That one and “This is not a pipe.” But I’ll admit the first thought I have when I hear his name is the Paul Simon song.
Another famous Belgian I just came across: Sister Luc-Gabrielle (born Jeanine Deckers), the “Singing Nun”, Dominican nun who wrote and recorded “Dominique”, released under the name Soeur Sourire (Smiling Sister) in 1963.
From this Song Facts page about her and this song:
I voted for Hergé, but my wife suggested Georges Lemaître
who was probably one of the smartest people in the entire 20th century.
Yes, Lemaitre was popular in another version I did of this poll as a write-in.
I chose Leopold without looking at the choices. JVCD probably wouldn’t have pinged my radar despite his sobriquet. I’m a huge fan of Merckx, but I would have to think about it before I pegged him as Belgian. I’ve been to a couple of shows of Magritte, but I didn’t even realize he was Belgian. I think a lot of people would recognize his painting of the dude in the bowler hat with the apple in front of his face, but would not be able to name the artist.
That just means Hampshire and Bone to me.

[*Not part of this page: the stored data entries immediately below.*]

Definition directed (n : nat) (B F : seq 'rV[nat]_n) : Prop :=
  forall bi bj, bi \in B -> bj \in B ->
    exists v, (exists2 u, Ncomb F u & v = bi + u) /\ (exists2 u, Ncomb F u & v = bj + u).

Definition coverable (n : nat) (X : 'rV[rat]_n -> Prop) (k : nat) : Prop :=
  exists s : seq ('rV[rat]_n * {vspace 'rV[rat]_n}),
    (forall p, p \in s -> (\dim p.2 <= k)%N) /\
    (forall x, X x -> exists2 p, p \in s & x - p.1 \in p.2).

Definition is_dim (n : nat) (X : 'rV[rat]_n -> Prop) (d : nat) : Prop :=
  coverable X d /\ forall k, coverable X k -> (d <= k)%N.

From HB Require Import structures.
From mathcomp Require Import all_boot all_order all_algebra.
From mathcomp Require Import ring.
From Stdlib Require Import Classical Wf_nat.
Import Order.TTheory GRing.Theory Num.Theory.
Set Implicit Arguments. Unset Strict Implicit.
Local Open Scope ring_scope.

(* Let m be the dimension of the rational span of F.  L is covered by the translates
   b_i + span F, and it cannot be covered by affine subspaces of dimension < m, because
   each of them meets the moment curve t |-> b_1 + sum_i t^(i+1) F_i (which lies in L)
   only at the roots of a nonzero polynomial.  On the other hand, for every e in N(F) the
   set N(F) \ (e + N(F)) is a finite union of translates of sets of dimension < m: by
   induction on e this reduces to e = f a generator, and then N(F) \ (f + N(F)) lies in
   N(G), G = F without f; either f is outside span G, so N(G) has dimension < m, or some
   d f + a = b with a, b in N(G), and then it lies in N(G) \ (b + N(G)), with G shorter
   than F.  Directedness turns L \ (x + N(F)) into finitely many translates of such sets. *)

Section Cone.
Variable n : nat.
Implicit Types (F G : seq 'rV[nat]_n) (u v w : 'rV[nat]_n).

Inductive cone F : 'rV[nat]_n -> Prop :=
| cone0 : cone F 0
| coneDgen v f : cone F v -> f \in F -> cone F (v + f).

Lemma coneD F u v : cone F u -> cone F v -> cone F (u + v).
Proof.
move=> hu; elim=> [|v' f _ IH hf]; first by rewrite addr0.
by rewrite addrA; apply: coneDgen.
Qed.

Lemma cone_gen F f : f \in F -> cone F f.
Proof. by move=> hf; rewrite -[f]add0r; apply: coneDgen => //; apply: cone0. Qed.

Lemma coneMn F v k : cone F v -> cone F (v *+ k).
Proof.
move=> hv; elim: k => [|k IH]; first by rewrite mulr0n; apply: cone0.
by rewrite mulrS; apply: coneD.
Qed.

Lemma cone_sub F G v : {subset F <= G} -> cone F v -> cone G v.
Proof. by move=> sFG; elim=> [|v' f _ IH /sFG]; [apply: cone0 | apply: coneDgen]. Qed.

Lemma Ncomb_add F u v : Ncomb F u -> Ncomb F v -> Ncomb F (u + v).
Proof.
case=> l1 -> [l2 ->]; exists (fun i => (l1 i + l2 i)%N).
by rewrite -big_split /=; apply: eq_bigr => i _; rewrite mulrnDr.
Qed.

Lemma Ncomb_gen F f : f \in F -> Ncomb F f.
Proof.
move=> hf; have hi : (index f F < size F)%N by rewrite index_mem.
exists (fun i : 'I_(size F) => (i == Ordinal hi) : nat).
rewrite (bigD1 (Ordinal hi)) //= eqxx mulr1n nth_index // big1 ?addr0 //.
by move=> i /negbTE ->; rewrite mulr0n.
Qed.

Lemma NcombP F v : Ncomb F v <-> cone F v.
Proof.
split.
  case=> lam ->; apply: (big_ind (cone F)); [exact: cone0 | exact: coneD |].
  by move=> i _; apply/coneMn/cone_gen/mem_nth.
elim=> [|v' f _ IH hf]; last by apply: Ncomb_add => //; apply: Ncomb_gen.
by exists (fun _ => 0%N); rewrite big1 // => i _; rewrite mulr0n.
Qed.

Lemma toQ0 : toQ 0 = 0 :> 'rV[rat]_n.
Proof. exact: map_mx0. Qed.

Lemma toQD u v : toQ (u + v) = toQ u + toQ v.
Proof. exact: map_mxD. Qed.

Lemma toQMn u k : toQ (u *+ k) = toQ u *+ k.
Proof. exact: raddfMn. Qed.

Lemma toQ_sum I (r : seq I) (P : pred I) (E : I -> 'rV[nat]_n) :
  toQ (\sum_(i <- r | P i) E i) = \sum_(i <- r | P i) toQ (E i).
Proof. exact: raddf_sum. Qed.

Lemma toQ_inj : injective (@toQ n).
Proof.
move=> u v /matrixP h; apply/matrixP => i j.
by move: (h i j); rewrite !mxE => /eqP; rewrite eqr_nat => /eqP.
Qed.

Definition qspan F := <<map (@toQ n) F>>%VS.

Definition qdim F := \dim (qspan F).

Lemma cone_qspan F v : cone F v -> toQ v \in qspan F.
Proof.
elim=> [|v' f _ IH hf]; first by rewrite toQ0 mem0v.
by rewrite toQD memvD // memv_span // map_f.
Qed.

Lemma rat_mulnat_diff (c : rat) :
  exists D P Q : nat, (0 < D)%N /\ c * D%:R = P%:R - Q%:R.
Proof.
exists `|denq c|%N; rewrite absz_gt0 denq_neq0 pmulrn gez0_abs ?denq_ge0 //.
rewrite -numqE; case: (numq c) => [P|Q]; first by exists P, 0%N; rewrite subr0.
by exists 0%N, Q.+1; rewrite NegzE sub0r.
Qed.

Lemma qspan_cone_relation F y : y \in qspan F ->
  exists2 d, (0 < d)%N & exists a b, [/\ cone F a, cone F b & y *+ d + toQ a = toQ b].
Proof.
elim: F y => [|g F IH] y.
  rewrite /qspan span_nil memv0 => /eqP ->.
  by exists 1%N => //; exists 0, 0; rewrite mul0rn add0r; split=> //; apply: cone0.
rewrite /qspan /= span_cons => /memv_addP [_ /vlineP [c ->] [z /IH [d hd [a [b [ha hb ez]]]] ->]].
have [D [P [Q [hD hc]]]] := rat_mulnat_diff c.
have sub_cons : {subset F <= g :: F} by move=> f hf; rewrite inE hf orbT.
have hg : cone (g :: F) g by apply/cone_gen/mem_head.
exists (d * D)%N; first by rewrite muln_gt0 hd.
exists (g *+ (Q * d) + a *+ D), (g *+ (P * d) + b *+ D); split.
- by apply: coneD; apply: coneMn => //; apply: cone_sub ha.
- by apply: coneD; apply: coneMn => //; apply: cone_sub hb.
rewrite !toQD !toQMn -ez !mulrnA -!scaler_nat.
have -> : P%:R = c * D%:R + Q%:R by rewrite hc subrK.
by apply/rowP => j; rewrite !mxE; ring.
Qed.

End Cone.

Section CoveredBelow.
Variable n : nat.

Definition covered_below (P : 'rV[nat]_n -> Prop) (k : nat) :=
  exists s : seq ('rV[rat]_n * {vspace 'rV[rat]_n}),
    (forall p, p \in s -> (\dim p.2 < k)%N) /\
    (forall w, P w -> exists2 p, p \in s & toQ w - p.1 \in p.2).

Lemma covered_below_sub (P Q : 'rV[nat]_n -> Prop) k :
  (forall w, P w -> Q w) -> covered_below Q k -> covered_below P k.
Proof. by move=> sPQ [s [hdim hcov]]; exists s; split=> // w /sPQ /hcov. Qed.

Lemma covered_belowU (P Q : 'rV[nat]_n -> Prop) k :
  covered_below P k -> covered_below Q k -> covered_below (fun w => P w \/ Q w) k.
Proof.
move=> [s [hs covP]] [t [ht covQ]]; exists (s ++ t); split.
  by move=> p; rewrite mem_cat => /orP [/hs | /ht].
by move=> w [/covP | /covQ] [p hp hw]; exists p; rewrite // mem_cat hp ?orbT.
Qed.

Lemma covered_below_bigcup (I : eqType) (r : seq I) (P : I -> 'rV[nat]_n -> Prop) k :
  (forall i, i \in r -> covered_below (P i) k) ->
  covered_below (fun w => exists2 i, i \in r & P i w) k.
Proof.
elim: r => [|i r IH] hr; first by exists [::]; split=> // w [].
apply: (@covered_below_sub _ (fun w => P i w \/ exists2 j, j \in r & P j w)).
  by move=> w [j]; rewrite inE => /orP [/eqP -> | hj hw]; [left | right; exists j].
apply: covered_belowU; first by apply/hr/mem_head.
by apply: IH => j hj; apply: hr; rewrite inE hj orbT.
Qed.

Lemma covered_below_translate (P : 'rV[nat]_n -> Prop) k a :
  covered_below P k -> covered_below (fun w => exists2 w', P w' & w = a + w') k.
Proof.
move=> [s [hs hcov]]; exists [seq (toQ a + p.1, p.2) | p <- s]; split.
  by move=> q /mapP [p hp ->] /=; apply: hs.
move=> _ [w /hcov [p hp hw] ->]; exists (toQ a + p.1, p.2); first exact: map_f.
by rewrite /= toQD opprD addrACA subrr add0r.
Qed.

End CoveredBelow.

Section ConeDiff.
Variable n : nat.
Implicit Types (F G : seq 'rV[nat]_n) (u v w : 'rV[nat]_n).

Definition cone_diff F e w := cone F w /\ ~ (exists2 t, cone F t & w = e + t).

Lemma cone_diff_gen F f w : cone_diff F f w -> cone [seq g <- F | g != f] w.
Proof.
move=> [hw]; elim: hw => [|v g hv IH hg] hn; first exact: cone0.
case: (eqVneq g f) => [eq_gf | ne_gf].
  by case: hn; exists v; rewrite // eq_gf addrC.
apply: coneDgen; last by rewrite mem_filter ne_gf.
apply: IH => -[t ht ev]; apply: hn; exists (t + g); first exact: coneDgen.
by rewrite ev addrA.
Qed.

Lemma size_filter_neq F f : f \in F -> (size [seq g <- F | g != f] < size F)%N.
Proof.
move=> hf; rewrite size_filter -[X in (_ < X)%N](count_predC (predC1 f)) -addn1 leq_add2l.
by rewrite -has_count; apply/hasP; exists f => //=; rewrite negbK.
Qed.

Lemma qspan_filter F (p : pred 'rV[nat]_n) : (qspan (filter p F) <= qspan F)%VS.
Proof. by apply: sub_span => _ /mapP [g /[!mem_filter] /andP [_ hg] ->]; rewrite map_f. Qed.

Lemma qspan_filter_neq F f :
  toQ f \in qspan [seq g <- F | g != f] -> qspan [seq g <- F | g != f] = qspan F.
Proof.
move=> hf; apply/eqP; rewrite eqEsubv qspan_filter; apply/span_subvP => _ /mapP [g hg ->].
by case: (eqVneq g f) => [-> //| ne]; rewrite memv_span // map_f // mem_filter ne.
Qed.

Section ConeDiffInduction.
Variable F : seq 'rV[nat]_n.
Hypothesis IH : forall G, (size G < size F)%N ->
  forall e, cone G e -> covered_below (cone_diff G e) (qdim G).

Lemma cone_diff_gen_covered f : f \in F -> covered_below (cone_diff F f) (qdim F).
Proof.
move=> hf; set G := [seq g <- F | g != f].
have ltG : (size G < size F)%N by apply: size_filter_neq.
have sub_GF : {subset G <= F} by move=> g; rewrite mem_filter => /andP [].
case: (boolP (toQ f \in qspan G)) => [fG | nfG].
- have [d d_gt0 [a [b [ha hb rel]]]] := qspan_cone_relation fG.
  rewrite /qdim -(qspan_filter_neq fG); apply: (covered_below_sub _ (IH ltG hb)).
  move=> w hw; split; first exact: cone_diff_gen.
  case=> t ht ewt; case: hw => _; apply.
  have eb : b = f *+ d + a by apply: toQ_inj; rewrite toQD toQMn -rel.
  exists (f *+ d.-1 + a + t); last by rewrite ewt eb -(prednK d_gt0) mulrS !addrA.
  by apply: coneD; [apply: coneD; [apply/coneMn/cone_gen | apply: cone_sub ha] |
    apply: cone_sub ht].
- exists [:: (0, qspan G)]; split.
    move=> _ /[1!inE] /eqP -> /=; rewrite /qdim (ltn_leqif (dimv_leqif_eq (qspan_filter _ _))).
    by apply: contra nfG => /eqP ->; rewrite memv_span // map_f.
  move=> w /cone_diff_gen hw; exists (0, qspan G); first exact: mem_head.
  by rewrite subr0; apply: cone_qspan.
Qed.

Lemma cone_diff_covered_step e : cone F e -> covered_below (cone_diff F e) (qdim F).
Proof.
elim=> [|v f _ IHv hf].
  by exists [::]; split=> // w [hw []]; exists w; rewrite ?add0r.
apply: (@covered_below_sub _ _ (fun w => cone_diff F v w \/
  exists2 w', cone_diff F f w' & w = v + w')).
  move=> w [hw hn]; case: (classic (exists2 t, cone F t & w = v + t)) => [[t ht ewt] | ?].
    right; exists t => //; split=> // -[t' ht' ett'].
    by apply: hn; exists t'; rewrite // ewt ett' addrA.
  by left.
by apply: covered_belowU => //; apply/covered_below_translate/cone_diff_gen_covered.
Qed.

End ConeDiffInduction.

Lemma cone_diff_covered F e : cone F e -> covered_below (cone_diff F e) (qdim F).
Proof.
elim: {F}(size F).+1 {-2}F (ltnSn (size F)) e => // N IHN F ltFN.
by apply: cone_diff_covered_step => G ltG; apply: IHN; apply: leq_trans ltG ltFN.
Qed.

End ConeDiff.

Section MomentCurve.
Variable n : nat.
Implicit Types (F : seq 'rV[nat]_n).

Definition moment F (t : nat) : 'rV[nat]_n := \sum_(i < size F) F`_i *+ t ^ i.+1.

Lemma cone_moment F t : cone F (moment F t).
Proof. by apply/NcombP; exists (fun i => t ^ i.+1)%N. Qed.

(* The coordinate l of the component of z outside V is a linear form vanishing on V and
   nonzero on some generator; along the moment curve it is a nonzero polynomial in t. *)
Lemma moment_avoids_subspace F b c (V : {vspace 'rV[rat]_n}) :
  ~~ (qspan F <= V)%VS -> exists2 P : {poly rat}, P != 0 &
    forall t : nat, ~~ root P t%:R -> toQ (b + moment F t) - c \notin V.
Proof.
move=> FV; have [i FiV] : exists i : 'I_(size F), toQ F`_i \notin V.
  apply/existsP; apply: contraR FV => /existsPn FV; apply/span_subvP => _ /mapP [g hg ->].
  have ig : (index g F < size F)%N by rewrite index_mem.
  by have := FV (Ordinal ig); rewrite negbK /= nth_index.
pose r z := z - projv V z.
have rD y z : r (y + z) = r y + r z by rewrite /r linearD opprD addrACA.
have rZ (a : rat) z : r (a *: z) = a *: r z by rewrite /r linearZ scalerBr.
have rV z : z \in V -> r z = 0 by move=> zV; rewrite /r projv_id ?subrr.
have [l rFi] : exists l, r (toQ F`_i) 0 l != 0.
  apply/existsP; apply: contraR FiV => /existsPn r0.
  have : r (toQ F`_i) = 0 by apply/rowP => l; rewrite [RHS]mxE; apply/eqP; rewrite -[_ == _]negbK r0.
  by move/eqP; rewrite subr_eq0 => /eqP ->; apply: memv_proj.
have r_sum (s : seq 'I_(size F)) (E : 'I_(size F) -> 'rV[rat]_n) :
    r (\sum_(k <- s) E k) = \sum_(k <- s) r (E k).
  by apply: (big_morph r rD); rewrite /r linear0 subr0.
set P := \poly_(k < (size F).+1) r (if k is k'.+1 then toQ F`_k' else toQ b - c) 0 l.
exists P.
  apply: contraNneq rFi => /(congr1 (fun p : {poly rat} => p`_i.+1)).
  by rewrite coef_poly coef0 ltnS ltn_ord => ->.
move=> t; apply: contra => /rV r0; rewrite /root.
suff -> : P.[t%:R] = r (toQ (b + moment F t) - c) 0 l by rewrite r0 mxE.
rewrite /moment toQD toQ_sum addrAC rD r_sum mxE summxE.
rewrite horner_poly big_ord_recl /= expr0 mulr1; congr (_ + _).
by apply: eq_bigr => k _; rewrite toQMn -scaler_nat rZ natrX !mxE mulrC.
Qed.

Eh, King Leopold’s Ghost sold around 600,000 copies and was a bestseller. Pretty good for a popular history.
I was thinking Leopold before I even opened the thread because history nerd. But I’m not surprised at the SDMB polling. Since Van Damme wasn’t on the list (I would have voted for Leopold regardless), it makes sense to me that Leopold is better known as symbol of Belgian-ness than Magritte.
Ditto. Reading through the list I agreed that some of them were excellent choices, but I stuck with Leopold.
Hadn’t realised Audrey was born in Belgium – her father was British and her mother was Dutch, and as noted above she spent the war in the Netherlands (she was in Arnhem at the time of the “bridge too far” battle).
Rubens
Wikipedia lists “Flemish Painters” and “Belgian Painters” separately. Perhaps you only get to be Belgian after 1830?
Rubens is clearly the answer if we’re talking about the most famous person from territories now know as ‘Belgium’.
But quite apart from the wider definitional problems surrounding the Spanish Netherlands in that period, there is a complication - Rubens was born at Siegen, which is well within what is now Germany, and he spent his early childhood in Cologne.
And do you know who thought this important?
The Nazis. Purely by coincidence, the invasion of Belgium in 1940 almost exactly coincided with the tercentenary of Rubens’s death. The occupying authorities therefore played up the idea that Rubens was actually German, in the hope of persuading the Belgians that they were really Germans too.
As for Leopold II, he wanted to build a huge Panthéon commemorating famous Belgians on the Koekelberg Hill in Brussels. At the time there were doubts as to whether there were enough famous Belgians to justify this.
I didn’t see where this got answered, but Jean Claude van Damme has often been styled as “The Muscles from Brussels,” so if you know that nickname and where Brussels is, his nationality is self-evident.
Thank you. I’d never heard of that name for him, but it make perfect sense.
I have to say, this thread was a bright spot for me during the long election season. No matter what disasters were being predicted or enacted, and one of the longest threads in SDMB history just took off to discuss every aspect of the election, this completely innocuous, oddity, thread about famous Belgians, just kept clicking along.
Not everything in November was election-related, and Dopes continued to delve into some of the most obscure minutia possible, while simultaneously contemplating The End of the American Experiment™!
Thanks, Dopers.
The most famous now but who will remain famous ?
Mercx and Van Damme will be forgotten in just a few years.
Thank you! I hoped exactly this.
I suspect that Lemaître will still be famous hundreds of years from now, assuming the Big Bang theory holds up. He might even get a planet named after him. He’s already got an asteroid.